Obscure Japanese Film #55
In their first film together, a comedy thriller made for the Daiei company, director Kon Ichikawa gives star Machiko Kyo one of her best roles as a resourceful heroine who outsmarts all the scheming men surrounding her. She plays Nagako, a reporter who is fired from her job after writing an article exposing police corruption.
Her flatmate, Suga (old lady specialist Tanie Kitabayashi looking young for a change), inspired by stories of people mysteriously going missing in Japan, suggests an idea she can pitch to a magazine: Nagako will ‘go missing’ herself for a month while the magazine offers a 500,000 yen reward to any reader who can find her.
However, when the magazine editor refuses to give her an advance, Nagako approaches dodgy bank manager Shirasu (So Yamamura) for a loan to cover her expenses, but he conspires with a senior clerk, Chigi (Eiji Funakoshi), to win the prize money for himself, after which things become increasingly complicated to the point of (clearly intentional) absurdity.
Machiko Kyo, appearing in a number of guises and showing a real flair for comedy here, is in almost every scene and provides reason enough for watching.

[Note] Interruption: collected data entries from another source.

Lemma exceed_probability p :
  fine (P (exceed P Z p)) = 1 - F (gen_inverse P Z p).
Proof.
have -> : exceed P Z p = ~` [set t | Z t <= gen_inverse P Z p].
  by rewrite /exceed; apply/seteqP; split => t /=; rewrite ltNge => /negP.
have mle : measurable [set t | Z t <= gen_inverse P Z p] by exact: measurable_fun_le.
by rewrite probability_setC // fineB // fin_num_measure.
Qed.

Lemma gen_inverse_le_upper_end p : p < 1 -> has_lbound [set y | p <= F y] ->
  ((gen_inverse P Z p)%:E <= upper_end P Z)%E.
Proof.
move=> p1 Slb; apply/lee_addgt0Pr => e e0; rewrite -leeBlDr // -EFinB.
apply: ereal_sup_ubound; exists (gen_inverse P Z p - e) => //=.
suff : F (gen_inverse P Z p - e) < p by lra.
rewrite ltNge; apply/negP => /(ge_inf Slb); rewrite -/(gen_inverse P Z p); lra.
Qed.

Lemma exceed_probability_near1 {u} : (u%:E < upper_end P Z)%E ->
  (forall x, u < x -> (x%:E <= upper_end P Z)%E -> {for x, continuous F}) ->
  exists2 p0, p0 < 1 & forall p, p0 < p -> p < 1 -> fine (P (exceed P Z p)) = 1 - p.
Proof.
move=> uZ Fcont; have [_ [w /= Fw1 <-]] := ereal_sup_gt uZ; rewrite lte_fin => uw.
exists (F w) => // p wp p1.
have Sw : lbound [set y | p <= F y] w.
  move=> y /= Fy; rewrite leNgt; apply/negP => yw.
  by have := distr_fun_nondecreasing _ _ (ltW yw); lra.
have Slb : has_lbound [set y | p <= F y] by exists w.
have wc : w <= gen_inverse P Z p := lb_le_inf (distr_fun_level_set_nonempty p1) Sw.
rewrite exceed_probability /gen_inverse continuous_inf_level_set_eq //.
- exact: distr_fun_nondecreasing.
- exact: distr_fun_level_set_nonempty.
- by apply: Fcont; [lra | exact: gen_inverse_le_upper_end].
Qed.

Feminists will enjoy watching her run rings around the men, and one also has to admire her willingness to look entirely unglamorous in a number of scenes. Although it’s Kyo who carries the film, The Hole is also a fast-paced and fun movie with a strong supporting cast packed with Ichikawa regulars, including the wonderful Jun Hamamura as an eccentric cab driver.
The director even throws in a self-mocking cameo from Shintaro Ishihara, who says at one point, ‘I found novel writing boring. I sing now.’ (Ishihara, who began as a writer, was known for dabbling in acting and various other pursuits; he later became a right-wing politician and was Governer of Tokyo from 1999-2012).
The screenplay was written by Ichikawa and his wife Natto Wada under their pseudonym ‘Kurisutei’, a nod to Agatha Christie. However, they failed to credit William Pearson, the American author upon whose 1954 novel The Beautiful Frame the central idea was lifted. Having said that, it should be noted that the novel featured a male protagonist and seems to have been a fairly straight piece of pulp fiction which Ichikawa and Wada turned into something far more original.